The memory of his later years caused Tiberius to pass down in the traditions of the senatorial order, represented by Tacitus and Suetonius, as a ruthless tyrant, and to obscure his real services as a conscientious and economical administrator. His parsimony in expenditures of the public money won him unpopularity with the city mob, but was a blessing to the provincials to whose welfare Tiberius directed particular attention, while he vigorously protected them against the oppression of imperial officials. During his rule the peace of the empire was disturbed only by a brief rising in Gaul (21 A. D.) and a rather prolonged struggle with Tacfarinas, a rebellious Berber chieftain, in Numidia (17–24 A. D.).

II. CAIUS CALIGULA, 37–41 A. D.

*Accession.* Tiberius left as his heirs his adoptive grandson Caius, the sole surviving son of Germanicus, better known by his childhood name of Caligula, acquired in the camps on the Rhine, and his grandson by birth, Tiberius Gemellus. Upon Caius, the elder of the two, then twenty-five years of age, the Senate immediately conferred the powers of the principate. The resentment of the senators towards his predecessor found vent in refusing him the posthumous honor of deification. Caius adopted his cousin, but within a year had him put to death.

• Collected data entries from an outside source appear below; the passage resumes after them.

(* Let $X, Y \subseteq \omega$. There exists an embedding $\mathcal{K}_1^X \hookrightarrow \mathcal{K}_2^Y$ if and only if $X \le_T Y$.
   Context: A pca is a set with a partial binary application operation containing distinct $\mathrm{s},\mathrm{k}$ with $\mathrm{k}ab\downarrow=a$, $\mathrm{s}ab\downarrow$, $\mathrm{s}abc\simeq(ac)(bc)$. An embedding of pcas is an injective map $f$ with: if $ab$ is defined then $f(a)f(b)$ is defined and equals $f(ab)$. $\mathcal{K}_1^X$ is the pca on $\omega$ with $n\cdot m=\Phi^X_n(m)$, the $n$-th partial $X$-computable function applied to $m$. $\mathcal{K}_2^Y$ (in the coding used here): elements are the total $Y$-computable functions $g:\omega\to\omega$, with $g\cdot h$ the function $n\mapsto\Phi^{g\oplus h}_{g(0)}(n)$ ($\Phi_e$ the $e$-th Turing functional, $(g\oplus h)(2n)=g(n)$, $(g\oplus h)(2n+1)=h(n)$), defined if and only if this function is total. *)

From HB Require Import structures.
From mathcomp Require Import all_boot.
From Stdlib Require Cantor.

Set Implicit Arguments.
Unset Strict Implicit.
Unset Printing Implicit Defensive.

Definition cpair (x y : nat) : nat := Cantor.to_nat (x, y).
Definition unpair (z : nat) : nat * nat := Cantor.of_nat z.

Inductive prog : Type :=
| PZero
| PSucc
| PId
| POracle
| PFst
| PSnd
| PPair of prog & prog
| PComp of prog & prog
| PRec of prog & prog
| PMu of prog.

Inductive ev (o : nat -> nat) : prog -> nat -> nat -> Prop :=
| evZero x : ev o PZero x 0
| evSucc x : ev o PSucc x x.+1
| evId x : ev o PId x x
| evOracle x : ev o POracle x (o x)
| evFst x : ev o PFst x (unpair x).1
| evSnd x : ev o PSnd x (unpair x).2
| evPair f g x a b : ev o f x a -> ev o g x b -> ev o (PPair f g) x (cpair a b)
| evComp f g x a b : ev o g x a -> ev o f a b -> ev o (PComp f g) x b
| evRec0 f g x v : ev o f x v -> ev o (PRec f g) (cpair x 0) v
| evRecS f g x n r v :
    ev o (PRec f g) (cpair x n) r -> ev o g (cpair x (cpair n r)) v ->
    ev o (PRec f g) (cpair x n.+1) v
| evMu f x n :
    ev o f (cpair x n) 0 ->
    (forall m, m < n -> exists w, ev o f (cpair x m) w.+1) ->
    ev o (PMu f) x n.

(* Coding of programs, giving an effective enumeration of all programs. *)
Fixpoint prog_enc (p : prog) : GenTree.tree nat :=
  match p with
  | PZero => GenTree.Node 0 [::]
  | PSucc => GenTree.Node 1 [::]
  | PId => GenTree.Node 2 [::]
  | POracle => GenTree.Node 3 [::]
  | PFst => GenTree.Node 4 [::]
  | PSnd => GenTree.Node 5 [::]
  | PPair f g => GenTree.Node 6 [:: prog_enc f; prog_enc g]
  | PComp f g => GenTree.Node 7 [:: prog_enc f; prog_enc g]
  | PRec f g => GenTree.Node 8 [:: prog_enc f; prog_enc g]
  | PMu f => GenTree.Node 9 [:: prog_enc f]
  end.

Fixpoint prog_dec (t : GenTree.tree nat) : option prog :=
  match t with
  | GenTree.Node 0 [::] => Some PZero
  | GenTree.Node 1 [::] => Some PSucc
  | GenTree.Node 2 [::] => Some PId
  | GenTree.Node 3 [::] => Some POracle
  | GenTree.Node 4 [::] => Some PFst
  | GenTree.Node 5 [::] => Some PSnd
  | GenTree.Node 6 [:: t1; t2] =>
      if (prog_dec t1, prog_dec t2) is (Some f, Some g) then Some (PPair f g) else None
  | GenTree.Node 7 [:: t1; t2] =>
      if (prog_dec t1, prog_dec t2) is (Some f, Some g) then Some (PComp f g) else None
  | GenTree.Node 8 [:: t1; t2] =>
      if (prog_dec t1, prog_dec t2) is (Some f, Some g) then Some (PRec f g) else None
  | GenTree.Node 9 [:: t1] =>
      if prog_dec t1 is Some f then Some (PMu f) else None
  | _ => None
  end.

Lemma prog_encK : pcancel prog_enc prog_dec.
Proof. by elim=> //= [f -> g ->|f -> g ->|f -> g ->|f ->]. Qed.

HB.instance Definition _ := Countable.copy prog (pcan_type prog_encK).

(* A program that never halts (used for codes that decode to no program). *)
Definition loop_prog : prog := PMu (PComp PSucc PZero).

Definition prog_of (e : nat) : prog :=
  if unpickle e is Some p then p else loop_prog.

Definition Phi (o : nat -> nat) (e m v : nat) : Prop := ev o (prog_of e) m v.

(* Sets X ⊆ ω are boolean predicates; as oracles, their characteristic functions. *)
Definition chi (X : nat -> bool) : nat -> nat := fun n => if X n then 1 else 0.

Definition turing_le (X Y : nat -> bool) : Prop :=
  exists e, forall n, Phi (chi Y) e n (chi X n).

Definition join (g h : nat -> nat) : nat -> nat :=
  fun m => if odd m then h m./2 else g m./2.

(* K_1^X : application  a . b ≃ Phi^X_a(b);  K1app X a b c  means a.b↓ = c. *)
Definition K1app (X : nat -> bool) (a b c : nat) : Prop := Phi (chi X) a b c.

Definition K2elem (Y : nat -> bool) (g : nat -> nat) : Prop :=
  exists e, forall n, Phi (chi Y) e n (g n).

(* K_2 application:  K2app g h k  means g.h is defined and equals k,
   i.e. for every n, Phi^{g ⊕ h}_{g(0)}(n) converges with value k n. *)
Definition K2app (g h k : nat -> nat) : Prop :=
  forall n, Phi (join g h) (g 0) n (k n).

(* An embedding K_1^X -> K_2^Y: an injective map into the elements of K_2^Y
   (functions compared extensionally) preserving defined applications. *)
Definition K1_K2_embedding (X Y : nat -> bool) (f : nat -> nat -> nat) : Prop :=
  [/\ forall a, K2elem Y (f a),
      forall a b, (forall n, f a n = f b n) -> a = b &
      forall a b c, K1app X a b c -> K2app (f a) (f b) (f c)].

(* Both directions rest on a universal machine: a stack machine, written as
   a total expression iterated by primitive recursion, runs coded programs
   relative to an oracle, and a minimisation finds its halting time.

   If [X <=_T Y], send [a] to the [Y]-computable function [(u, a, chi X)],
   where [u] indexes a program that, with oracle [g (+) h], decodes [a = g 1]
   and [b = h 1] and simulates [Phi^X_a(b)] reading [X] off [g]; then
   [f a . f b = f (a . b)].

   Conversely, let [f] be an embedding and [k] a point with [f 0 k <> f 1 k].
   In [K_2^Y], [f (j + 1) = f succ . f j] and [f (chi X n) = f oracle . f n];
   nesting simulations of the indices [f succ 0] and [f oracle 0] computes
   these values from [Y] uniformly in [j] and [n], and comparing
   [f (chi X n) k] with [f 1 k] decides [X n]. *)

From mathcomp Require Import all_boot zify.
From Stdlib Require Cantor.
From Stdlib Require Import Classical.

Set Implicit Arguments.
Unset Strict Implicit.
Unset Printing Implicit Defensive.

Lemma unpair_cpair a b : unpair (cpair a b) = (a, b).
Proof. exact: Cantor.cancel_of_to. Qed.

Lemma cpair_unpair z : cpair (unpair z).1 (unpair z).2 = z.
Proof. by rewrite /cpair /unpair; case: (Cantor.of_nat z) (Cantor.cancel_to_of z). Qed.

Lemma unpair0 : unpair 0 = (0, 0).
Proof. exact: (unpair_cpair 0 0). Qed.

Lemma cpair_inj a b c d : cpair a b = cpair c d -> a = c /\ b = d.
Proof. by move=> E; have := unpair_cpair a b; rewrite E unpair_cpair => -[-> ->]. Qed.

Lemma leq_cpair_r a b : b <= cpair a b.
Proof. by have := Cantor.to_nat_non_decreasing a b; rewrite /cpair; lia. Qed.

Arguments cpair : simpl never.
Arguments unpair : simpl never.

(** * A first-order language of total expressions over an oracle *)

(* Variables are de Bruijn indices; [Call p F e] is only meaningful when the
   program [p] computes the total function [F] (see [calls_ok]). *)
Inductive expr : Type :=
| Var of nat
| Cst of nat
| Succ of expr
| Pred of expr
| Pair of expr & expr
| Fst of expr
| Snd of expr
| Query of expr
| Let of expr & expr
| IfZ of expr & expr & expr
| Rec of expr & expr & expr
| Call of prog & (nat -> nat) & expr.

Fixpoint prim_rec (b : nat) (s : nat -> nat -> nat) (n : nat) : nat :=
  if n is k.+1 then s k (prim_rec b s k) else b.

Fixpoint den (o : nat -> nat) (e : expr) (env : seq nat) : nat :=
  match e with
  | Var i => nth 0 env i
  | Cst n => n
  | Succ e => (den o e env).+1
  | Pred e => (den o e env).-1
  | Pair e1 e2 => cpair (den o e1 env) (den o e2 env)
  | Fst e => (unpair (den o e env)).1
  | Snd e => (unpair (den o e env)).2
  | Query e => o (den o e env)
  | Let e1 e2 => den o e2 (den o e1 env :: env)
  | IfZ c a b => if den o c env is 0 then den o a env else den o b env
  | Rec n b s => prim_rec (den o b env) (fun k r => den o s (r :: k :: env)) (den o n env)
  | Call _ F e => F (den o e env)
  end.

Fixpoint calls_ok (o : nat -> nat) (e : expr) : Prop :=
  match e with
  | Var _ | Cst _ => True
  | Succ e | Pred e | Fst e | Snd e | Query e => calls_ok o e
  | Pair e1 e2 | Let e1 e2 => calls_ok o e1 /\ calls_ok o e2
  | IfZ a b c | Rec a b c => [/\ calls_ok o a, calls_ok o b & calls_ok o c]
  | Call p F e => (forall x, ev o p x (F x)) /\ calls_ok o e
  end.

Fixpoint no_calls (e : expr) : bool :=
  match e with
  | Var _ | Cst _ => true
  | Succ e | Pred e | Fst e | Snd e | Query e => no_calls e
  | Pair a b | Let a b => no_calls a && no_calls b
  | IfZ a b c | Rec a b c => [&& no_calls a, no_calls b & no_calls c]
  | Call _ _ _ => false
  end.

Lemma no_calls_ok o e : no_calls e -> calls_ok o e.
Proof.
elim: e => //= [a IHa b IHb|a IHa b IHb|a IHa b IHb c IHc|a IHa b IHb c IHc];
  by [move=> /andP[/IHa ? /IHb ?] | move=> /and3P[/IHa ? /IHb ? /IHc ?]].
Qed.

Fixpoint scoped (k : nat) (e : expr) : bool :=
  match e with
  | Var i => i < k
  | Cst _ => true
  | Succ e | Pred e | Fst e | Snd e | Query e | Call _ _ e => scoped k e
  | Pair a b => scoped k a && scoped k b
  | Let a b => scoped k a && scoped k.+1 b
  | IfZ a b c => [&& scoped k a, scoped k b & scoped k c]
  | Rec a b c => [&& scoped k a, scoped k b & scoped k.+2 c]
  end.

Lemma den_scoped o e k env env' : scoped k e ->
  (forall i, i < k -> nth 0 env i = nth 0 env' i) -> den o e env = den o e env'.
Proof.
elim: e k env env' => /=.
- by move=> i k env env' Hi; apply.
- by [].
- by move=> e IH k env env' He H; rewrite (IH k env env').
- by move=> e IH k env env' He H; rewrite (IH k env env').
- by move=> a IHa b IHb k env env' /andP[Ha Hb] H; rewrite (IHa k env env') // (IHb k env env').
- by move=> e IH k env env' He H; rewrite (IH k env env').
- by move=> e IH k env env' He H; rewrite (IH k env env').
- by move=> e IH k env env' He H; rewrite (IH k env env').
- move=> a IHa b IHb k env env' /andP[Ha Hb] H; rewrite (IHa k env env') //.
  by apply: (IHb k.+1) => // -[|i] //= /H.
- move=> a IHa b IHb c IHc k env env' /and3P[Ha Hb Hc] H.
  by rewrite (IHa k env env') // (IHb k env env') // (IHc k env env').
- move=> a IHa b IHb c IHc k env env' /and3P[Ha Hb Hc] H.
  rewrite (IHa k env env') // (IHb k env env') //; elim: (den o a env') => //= n ->.
  by apply: (IHc k.+2) => // -[|[|i]] //= /H.
- by move=> p F e IH k env env' He H; rewrite (IH k env env').
Qed.

Lemma eq_prim_rec b s s' n : (forall k r, s k r = s' k r) -> prim_rec b s n = prim_rec b s' n.
Proof. by move=> H; elim: n => //= n ->. Qed.

Lemma prim_rec_iter b (g : nat -> nat) n : prim_rec b (fun _ r => g r) n = iter n g b.
Proof. by elim: n => //= n ->. Qed.

Section DenPrimitive.
Variables (o : nat -> nat) (env : seq nat).

Lemma den_Var i : den o (Var i) env = nth 0 env i. Proof. by []. Qed.
Lemma den_Cst n : den o (Cst n) env = n. Proof. by []. Qed.
Lemma den_Succ e : den o (Succ e) env = (den o e env).+1. Proof. by []. Qed.
Lemma den_Pred e : den o (Pred e) env = (den o e env).-1. Proof. by []. Qed.
Lemma den_Pair a b : den o (Pair a b) env = cpair (den o a env) (den o b env). Proof. by []. Qed.
Lemma den_Fst e : den o (Fst e) env = (unpair (den o e env)).1. Proof. by []. Qed.
Lemma den_Snd e : den o (Snd e) env = (unpair (den o e env)).2. Proof. by []. Qed.
Lemma den_Query e : den o (Query e) env = o (den o e env). Proof. by []. Qed.
Lemma den_Let a b : den o (Let a b) env = den o b (den o a env :: env). Proof. by []. Qed.
Lemma den_IfZ c a b :
  den o (IfZ c a b) env = if den o c env is 0 then den o a env else den o b env.
Proof. by []. Qed.
Lemma den_Rec n b s :
  den o (Rec n b s) env = prim_rec (den o b env) (fun k r => den o s (r :: k :: env)) (den o n env).
Proof. by []. Qed.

*Early months of his rule.* The early months of his rule seemed the dawn of a new era. The pardoning of political offenders, the banishment of informers, the reduction of taxes, coupled with lavishness in public entertainments and donations, all made Gaius popular with the Senate, the army and the city plebs. However, he was a weakling in body and in mind, and a serious illness, brought on by his excesses, seems to have left him mentally deranged.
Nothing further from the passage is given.